- Solana will hold a community vote on SIMD-0326 to adopt Alpenglow and target ~150ms block finality.
- The measure passes with a two-thirds supermajority of Yes over Yes plus No and a 33% quorum.
Solana validators are preparing to vote on SIMD-0326, a proposal to introduce the Alpenglow consensus protocol and materially shorten settlement times on the network.
Solana sets two-thirds threshold and 33 percent quorum for SIMD-0326
The governance timetable lists a discussion window through epoch 838, stake-weight publication in epoch 839 and a voting window spanning epochs 840 to 842, with balloting to close at the end of epoch 842.
Under the rules, the proposal passes if Yes votes are at least two-thirds of the total of Yes and No. Abstentions count toward a quorum threshold set at 33 percent of stake. Voting tokens corresponding to validator stake will be claimable and used to direct choices to Yes, No or Abstain accounts.
Solana’s new consensus proposal Alpenglow (SIMD-0326) has entered the community governance stage. The protocol aims to reduce block finality from 12.8s to ~150ms. Voting will take place between Epochs 840–420 (current epoch: 834, ~2 days each). The proposal passes if yes votes…
— Wu Blockchain (@WuBlockchain) August 17, 2025
The process is designed to give operators time to verify stake weights and to ensure transparent tallying. Stake snapshots and a reference script will be published to support independent verification of the count. All further announcements are to be posted in the Solana developer governance forum.

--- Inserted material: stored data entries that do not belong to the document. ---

(* (ZFC.) Let $F$ be any set of functions on $[0,1]$, each of arity $\alpha$ with $0<\alpha\le\omega$ (i.e. with finitely or countably many arguments), such that $|F|\le\mathfrak{c}$. Then $\mathsf{Agg}$ is not generated by $F$ as a $\sigma$-clone: not every aggregation function of finite arity belongs to the $\sigma$-clone generated by $F$.
   Context: $\mathfrak{c}=2^{\aleph_0}$; the axiom of choice is assumed. $\omega$ is the first infinite ordinal. An $n$-ary aggregation function on $[0,1]$ is a function $f\colon[0,1]^n\to[0,1]$ nondecreasing in each coordinate with $f(0,\dots,0)=0$, $f(1,\dots,1)=1$; $\mathsf{Agg}$ is the set of all aggregation functions of all finite arities. For an $\alpha$-ary $f$ and $\beta$-ary functions $g_i$, $i<\alpha$ ($0<\alpha,\beta\le\omega$), the composition $f\circ(g_i:i<\alpha)$ is $\mathbf{x}\mapsto f((g_i(\mathbf{x}))_{i<\alpha})$. A $\sigma$-clone is a set of functions on $[0,1]$ of arities $0<\alpha\le\omega$ containing all projections and closed under such compositions; the $\sigma$-clone generated by $F$ is the smallest one containing $F$. *)

From Stdlib Require Import Reals.
From mathcomp Require Import all_boot.

Set Implicit Arguments.
Unset Strict Implicit.
Unset Printing Implicit Defensive.

Definition I01 : Type := {x : R | Rle 0 x /\ Rle x 1}.

Inductive arity : Type := ar_fin (n : nat) | ar_omega.

Definition valid_ar (a : arity) : Prop :=
  match a with ar_fin n => (0 < n)%N | ar_omega => True end.

Definition dom (a : arity) : Type :=
  match a with ar_fin n => 'I_n | ar_omega => nat end.

Definition op (a : arity) : Type := (dom a -> I01) -> I01.

Definition func : Type := {a : arity & op a}.

Definition mkfunc (a : arity) (f : op a) : func := existT op a f.

Definition proj (a : arity) (i : dom a) : op a := fun x => x i.

Definition compose (a b : arity) (f : op a) (g : dom a -> op b) : op b :=
  fun x => f (fun i => g i x).

Definition is_sigma_clone (C : func -> Prop) : Prop :=
  (forall h : func, C h -> valid_ar (projT1 h)) /\
  (forall (a : arity) (i : dom a), valid_ar a -> C (mkfunc (proj i))) /\
  (forall (a b : arity) (f : op a) (g : dom a -> op b),
      valid_ar a -> valid_ar b ->
      C (mkfunc f) -> (forall i, C (mkfunc (g i))) ->
      C (mkfunc (compose f g))).

Definition in_sigma_clone_gen (F : func -> Prop) (h : func) : Prop :=
  forall C : func -> Prop, is_sigma_clone C ->
    (forall k, F k -> C k) -> C h.

Definition is_aggregation (n : nat) (f : op (ar_fin n)) : Prop :=
  (forall x y : 'I_n -> I01,
      (forall i, Rle (proj1_sig (x i)) (proj1_sig (y i))) ->
      Rle (proj1_sig (f x)) (proj1_sig (f y))) /\
  (forall x : 'I_n -> I01, (forall i, proj1_sig (x i) = R0) ->
      proj1_sig (f x) = R0) /\
  (forall x : 'I_n -> I01, (forall i, proj1_sig (x i) = R1) ->
      proj1_sig (f x) = R1).

(* |F| <= continuum = 2^aleph_0 = |nat -> bool|. *)
Definition card_le_continuum (F : func -> Prop) : Prop :=
  exists e : {h : func | F h} -> (nat -> bool), injective e.

From Stdlib Require Import Reals Lra Eqdep_dec FunctionalExtensionality.
From Stdlib Require Import Classical ClassicalEpsilon.
From Coquelicot Require Import Coquelicot.
From mathcomp Require Import all_boot.

Set Implicit Arguments.
Unset Strict Implicit.
Unset Printing Implicit Defensive.

(** Cantor's diagonal argument. For A ⊆ [0,1] the binary function that is 0
below the antidiagonal u + v = 1, 1 above it and the indicator of A (in u) on
it is an aggregation function, and it determines A; so there are 2^c of them.
Every member of the σ-clone generated by F is the value of a term, a countably
branching well-founded tree labelled by elements of F, arities and indices;
such a tree is determined by its labels along the countably many finite paths,
so terms are coded injectively by bit sequences and then by points of [0,1]
(ternary Cantor set). Diagonalising against these codes produces a set A whose
aggregation function is not the value of any term. *)

Section Cantor.

Variables (T X Y : Type) (code : T -> X) (g : (X -> Prop) -> Y) (den : T -> Y -> Prop).
Hypothesis code_inj : injective code.
Hypothesis den_functional : forall t y y', den t y -> den t y' -> y = y'.
Hypothesis g_on_codes : forall A B t, g A = g B -> A (code t) -> B (code t).

Lemma not_all_denoted : ~ (forall A, exists t, den t (g A)).
Proof.
move=> all_denoted.
pose D x := exists A t, code t = x /\ den t (g A) /\ ~ A x.
have [t0 t0D] := all_denoted D.
have notD : ~ D (code t0).
  move=> Dt0; have [A [t [/code_inj eq_t [t0A notA]]]] := Dt0.
  rewrite {}eq_t in t0A.
  exact/notA/(g_on_codes (den_functional t0D t0A) Dt0).
by apply: (notD); exists D, t0.
Qed.

End Cantor.

Lemma arity_eq_dec (a b : arity) : {a = b} + {a <> b}.
Proof. decide equality; exact: PeanoNat.Nat.eq_dec. Qed.

Lemma mkfunc_inj (a : arity) (f g : op a) : mkfunc f = mkfunc g -> f = g.
Proof. exact: (inj_pair2_eq_dec _ arity_eq_dec). Qed.

Section Terms.

Variable F : func -> Prop.

Inductive term : Type :=
| Leaf (k : {h : func | F h})
| Prj (a : arity) (i : dom a)
| Cmp (a b : arity) (t : term) (ts : dom a -> term).

Fixpoint denotes (t : term) (h : func) : Prop :=
  match t with
  | Leaf k => h = proj1_sig k
  | Prj a i => valid_ar a /\ h = mkfunc (proj i)
  | Cmp a b t0 ts => valid_ar a /\ valid_ar b /\
      exists (f : op a) (g : dom a -> op b),
        [/\ denotes t0 (mkfunc f), forall i, denotes (ts i) (mkfunc (g i))
          & h = mkfunc (compose f g)]
  end.

Lemma denotes_functional t h h' : denotes t h -> denotes t h' -> h = h'.
Proof.
elim: t h h' => [k|a i|a b t0 IH ts IHs] h h' /=.
- by move=> -> ->.
- by move=> [_ ->] [_ ->].
- move=> [_ [_ [f [g [t0f tsg ->]]]]] [_ [_ [f' [g' [t0f' tsg' ->]]]]].
  have -> : f = f' by apply/mkfunc_inj/(IH _ _ t0f t0f').
  have -> // : g = g'.
  by apply: functional_extensionality => i; apply/mkfunc_inj/(IHs _ _ _ (tsg i)).
Qed.

Definition term_clone (h : func) : Prop := exists t, denotes t h.

Hypothesis F_valid : forall h, F h -> valid_ar (projT1 h).

Lemma term_clone_sigma_clone : is_sigma_clone term_clone.
Proof.
split; [|split].
- move=> h [[k|a i|a b t0 ts]] /=.
  + by move=> ->; apply/F_valid/(proj2_sig k).
  + by move=> [? ->].
  + by move=> [_ [? [f [g [_ _ ->]]]]].
- by move=> a i a_valid; exists (Prj i).
- move=> a b f g a_valid b_valid [t tf] gs_in.
  have [ts tsg] := choice (fun i t => denotes t (mkfunc (g i))) gs_in.
  by exists (Cmp b t ts); split=> //; split=> //; exists f, g.
Qed.

Lemma in_sigma_clone_gen_term h : in_sigma_clone_gen F h -> term_clone h.
Proof.
apply; first exact: term_clone_sigma_clone.
by move=> h' Fh'; exists (Leaf (exist _ h' Fh')).
Qed.

End Terms.

Definition bits_of_family (I : countType) (phi : I -> nat -> bool) : nat -> bool :=
  fun n => if @unpickle (I * nat)%type n is Some (i, k) then phi i k else false.

Lemma bits_of_family_inj (I : countType) : injective (@bits_of_family I).
Proof.
move=> phi psi E; apply: functional_extensionality => i.
apply: functional_extensionality => k.
by have := congr1 (fun c => c (pickle (i, k))) E; rewrite /bits_of_family pickleK.
Qed.

Definition bits_pair (c d : nat -> bool) : nat -> bool :=
  bits_of_family (fun b : bool => if b then c else d).

Lemma bits_pair_inj c d c' d' : bits_pair c d = bits_pair c' d' -> c = c' /\ d = d'.
Proof.
move/bits_of_family_inj => E.
by split; [have := congr1 (fun phi => phi true) E | have := congr1 (fun phi => phi false) E].
Qed.

Definition bits_of_nat (m : nat) : nat -> bool := fun n => n == m.

Lemma bits_of_nat_inj : injective bits_of_nat.
Proof. by move=> m m' /(congr1 (fun c => c m)); rewrite /bits_of_nat eqxx => /esym/eqP. Qed.

Definition nat_of_arity (a : arity) : nat :=
  match a with ar_fin n => n.+1 | ar_omega => 0 end.

Lemma nat_of_arity_inj : injective nat_of_arity.
Proof. by case=> [n|] [m|] //= [->]. Qed.

Definition nat_of_dom (a : arity) : dom a -> nat :=
  match a with ar_fin n => @nat_of_ord n | ar_omega => id end.

Definition dom_of_nat (a : arity) : nat -> option (dom a) :=
  match a with ar_fin n => insub | ar_omega => Some end.

Lemma nat_of_domK a : pcancel (@nat_of_dom a) (@dom_of_nat a).
Proof. case: a => [n|] i //=; exact: valK. Qed.

Section TermCode.

Variable F : func -> Prop.

Inductive label : Type :=
| LNone | LLeaf (k : {h : func | F h}) | LPrj (a : arity) (i : nat) | LCmp (a b : arity).

Fixpoint label_at (t : term F) (p : seq nat) : label :=
  match t, p with
  | Leaf k, [::] => LLeaf k
  | Prj a i, [::] => LPrj a (nat_of_dom i)
  | Cmp a b _ _, [::] => LCmp a b
  | Cmp _ _ t0 _, 0 :: p' => label_at t0 p'
  | Cmp a _ _ ts, j.+1 :: p' =>
      if dom_of_nat a j is Some i then label_at (ts i) p' else LNone
  | _, _ => LNone
  end.

Lemma label_at_inj t t' : label_at t =1 label_at t' -> t = t'.
Proof.
elim: t t' => [k|a i|a b t0 IH ts IHs] [k'|a' i'|a' b' t0' ts'] E;
  have := E [::] => //= -[].
- by move=> ->.
- by move=> eq_a; subst a' => /(pcan_inj (@nat_of_domK a)) ->.
- move=> eq_a eq_b; subst a' b'.
  have -> : t0 = t0' by apply: IH => p; exact: E (0%N :: p).
  have -> // : ts = ts'.
  apply: functional_extensionality => i; apply: IHs => p.
  by have := E ((nat_of_dom i).+1 :: p); rewrite /= nat_of_domK.
Qed.

Variable code : {h : func | F h} -> nat -> bool.
Hypothesis code_inj : injective code.

Definition label_bits (l : label) : nat -> bool :=
  match l with
  | LNone => bits_pair (bits_of_nat 0) (bits_of_nat 0)
  | LLeaf k => bits_pair (bits_of_nat 1) (code k)
  | LPrj a i => bits_pair (bits_of_nat 2)
                  (bits_pair (bits_of_nat (nat_of_arity a)) (bits_of_nat i))
  | LCmp a b => bits_pair (bits_of_nat 3)
                  (bits_pair (bits_of_nat (nat_of_arity a)) (bits_of_nat (nat_of_arity b)))
  end.

Lemma label_bits_inj : injective label_bits.
Proof.
move=> [|k|a i|a b] [|k'|a' i'|a' b'] /= /bits_pair_inj [/bits_of_nat_inj // _].
- by move/code_inj ->.
- by case/bits_pair_inj => /bits_of_nat_inj/nat_of_arity_inj -> /bits_of_nat_inj ->.
- by case/bits_pair_inj => /bits_of_nat_inj/nat_of_arity_inj -> /bits_of_nat_inj/nat_of_arity_inj ->.
Qed.

Definition term_bits (t : term F) : nat -> bool :=
  bits_of_family (fun p : seq nat => label_bits (label_at t p)).

Lemma term_bits_inj : injective term_bits.
Proof.
move=> t t' /bits_of_family_inj E; apply: label_at_inj => p.
by apply: label_bits_inj; have := congr1 (fun phi => phi p) E.
Qed.

End TermCode.

Open Scope R_scope.

Definition ternary_digit (c : nat -> bool) (n : nat) : R :=
  if c n then 2/3 * (/3)^n else 0.

Definition cantor_point (c : nat -> bool) : R := Series (ternary_digit c).

Lemma ex_series_le_geom3 (a : nat -> R) :
  (forall n, 0 <= a n <= (/3)^n) -> ex_series a.
Proof.
move=> a_bound; apply: (@ex_series_le _ _ _ (fun n => (/3)^n)).
  move=> n; rewrite /norm /= /abs /= Rabs_pos_eq; by case: (a_bound n).
by apply: ex_series_geom; rewrite Rabs_pos_eq; lra.
Qed.

Lemma ternary_digit_bound c n : 0 <= ternary_digit c n <= 2/3 * (/3)^n.
Proof.
have := pow_le (/3) n; rewrite /ternary_digit; case: (c n); lra.
Qed.

Lemma ex_series_ternary_digit c : ex_series (ternary_digit c).
Proof.
apply: ex_series_le_geom3 => n.
have := ternary_digit_bound c n; have := pow_le (/3) n; lra.
Qed.

Lemma cantor_point_in01 c : 0 <= cantor_point c <= 1.
Proof.
split.
  rewrite -(Rmult_0_l (Series (ternary_digit c))) -Series_scal_l.
  apply: Series_le; last exact: ex_series_ternary_digit.
  move=> n; have := ternary_digit_bound c n; lra.
have -> : 1 = Series (fun n => 2/3 * (/3)^n).
  rewrite Series_scal_l Series_geom; first field.
  rewrite Rabs_pos_eq; lra.
apply: Series_le; first exact: ternary_digit_bound.
apply: ex_series_le_geom3 => n; have := pow_le (/3) n; lra.
Qed.

Lemma cantor_point_S c :
  cantor_point c = (if c O then 2/3 else 0) + /3 * cantor_point (fun k => c k.+1).
Proof.
rewrite /cantor_point Series_incr_1; last exact: ex_series_ternary_digit.
rewrite -Series_scal_l; congr (_ + _).
  by rewrite /ternary_digit /=; case: (c O); lra.
by apply: Series_ext => n; rewrite /ternary_digit /=; case: (c n.+1); lra.
Qed.

Lemma cantor_point_eqS c c' : cantor_point c = cantor_point c' ->
  c O = c' O /\ cantor_point (fun k => c k.+1) = cantor_point (fun k => c' k.+1).
Proof.
rewrite (cantor_point_S c) (cantor_point_S c').
have := cantor_point_in01 (fun k => c k.+1).
have := cantor_point_in01 (fun k => c' k.+1).
by case: (c O); case: (c' O) => ? ? E; split=> //; lra.
Qed.

Lemma cantor_point_inj : injective cantor_point.
Proof.
move=> c c' E; apply: functional_extensionality => n.
elim: n c c' E => [|n IHn] c c' /cantor_point_eqS [E0 ES] //.
exact: IHn ES.
Qed.

Definition indicator (P : Prop) : R :=
  if excluded_middle_informative P then 1 else 0.

Lemma indicator_in01 P : 0 <= indicator P <= 1.
Proof. rewrite /indicator; by destruct (excluded_middle_informative P) => /=; lra. Qed.

Lemma indicator_eq1 P : indicator P = 1 -> P.
Proof. rewrite /indicator; by destruct (excluded_middle_informative P) => //=; lra. Qed.

Lemma indicator_1 P : P -> indicator P = 1.
Proof. by rewrite /indicator; destruct (excluded_middle_informative P). Qed.

Definition threshold (A : R -> Prop) (u v : R) : R :=
  match total_order_T (u + v) 1 with
  | inleft (left _) => 0
  | inleft (right _) => indicator (A u)
  | inright _ => 1
  end.

Lemma threshold_in01 A u v : 0 <= threshold A u v <= 1.
Proof.
rewrite /threshold; case: total_order_T => [[_|_]|_]; try lra.
exact: indicator_in01.
Qed.

Lemma threshold_mono A u v u' v' :
  u <= u' -> v <= v' -> threshold A u v <= threshold A u' v'.
Proof.
move=> le_u le_v; rewrite /threshold.
have := indicator_in01 (A u); have := indicator_in01 (A u').
case: total_order_T => [[?|?]|?]; case: total_order_T => [[?|?]|?]; try lra.
have -> : u' = u by lra.
lra.
Qed.

Lemma threshold_antidiag A u : threshold A u (1 - u) = indicator (A u).
Proof.
rewrite /threshold; case: total_order_T => [[?|//]|?]; lra.
Qed.

Definition threshold_agg (A : R -> Prop) : op (ar_fin 2) :=
  fun x => exist _ (threshold A (proj1_sig (x ord0)) (proj1_sig (x ord_max)))
                   (threshold_in01 A _ _).

Lemma threshold_agg_aggregation A : is_aggregation (threshold_agg A).
Proof.
split; [|split].
- move=> x y le_xy; exact: threshold_mono.
- move=> x x_val /=; rewrite !x_val /threshold; case: total_order_T => [[//|]|]; lra.
- move=> x x_val /=; rewrite !x_val /threshold; case: total_order_T => [[|]|//]; lra.
Qed.

Lemma threshold_agg_determines A B x : 0 <= x <= 1 ->
  threshold_agg A = threshold_agg B -> A x -> B x.
Proof.
move=> [x_ge0 x_le1] eqAB Ax.
have y_in01 : 0 <= 1 - x <= 1 by lra.
pose pt (i : 'I_2) : I01 :=
  if i == ord0 then exist _ x (conj x_ge0 x_le1) else exist _ (1 - x) y_in01.
have := congr1 (fun f => proj1_sig (f pt)) eqAB.
by rewrite /= !threshold_antidiag indicator_1 // => /esym/indicator_eq1.
Qed.

Theorem corollary2 (F : func -> Prop) :
  (forall h, F h -> valid_ar (projT1 h)) ->
  card_le_continuum F ->
  exists (n : nat) (f : op (ar_fin n)),
    (0 < n)%N /\ is_aggregation f /\ ~ in_sigma_clone_gen F (mkfunc f).
Proof.
move=> F_valid [e e_inj]; apply: NNPP => all_generated.
have thresholds_generated A : term_clone F (mkfunc (threshold_agg A)).
  apply: (in_sigma_clone_gen_term F_valid); apply: NNPP => not_generated.
  apply: all_generated; exists 2%N, (threshold_agg A).
  by split=> //; split; [exact: threshold_agg_aggregation|].
apply: (@not_all_denoted _ _ _ (fun t => cantor_point (term_bits e t))
          (fun A => mkfunc (threshold_agg A)) (@denotes F)) => //.
- by move=> t t' /cantor_point_inj/(term_bits_inj e_inj).
- exact: denotes_functional.
- move=> A B t /mkfunc_inj; apply: threshold_agg_determines.
  exact: cantor_point_in01.
Qed.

Alpenglow shifts to off-chain voting and introduces 1.6 SOL admission fee
Alpenglow would replace components of the current TowerBFT-based design with a scheme that targets actual block finality around 150 milliseconds, compared with roughly 12.8 seconds today.
The architecture combines rapid voting and certificate aggregation to finalize slots more quickly while cutting network overhead. Proponents say the change reduces bandwidth devoted to on-chain vote transactions and simplifies validator participation.
Under the proposal, validator votes move off-chain and are aggregated by scheduled leaders several slots ahead, with certificates written on-chain. To maintain an economic threshold after removing per-vote transaction fees, the design introduces a Validator Admission Ticket set initially at 1.6 SOL per epoch.
The fee is burned and non-refundable and operators that do not maintain sufficient balance are removed from the active set. Leader roles would be compensated for submitting valid aggregates and for including fast-finalization or finalization certificates.
Forum discussion indicates the 1.6 SOL figure mirrors the approximate cost of current vote transactions, aiming to avoid abrupt shifts in validator economics during any transition.
Contributors have asked how admission pricing could evolve and how performance metrics will track validator behavior when votes are no longer posted as individual on-chain transactions.
The maintainers suggest that on-chain certificates and aggregates will still allow measurement of participation and that economic parameters can be revisited after stability is demonstrated.
If approved, network teams would proceed to implementation and deployment planning consistent with the governance outcome. The vote is framed as a step toward lowering settlement latency for applications that benefit from rapid finality while retaining stake-weighted security guarantees established on the network.
At the time of writing, Solana was trading at $182.94 on CoinGecko, down exactly 4.44% over the last 24 hours, while on Binance it stood at $183.18, representing a 5.29 % decrease.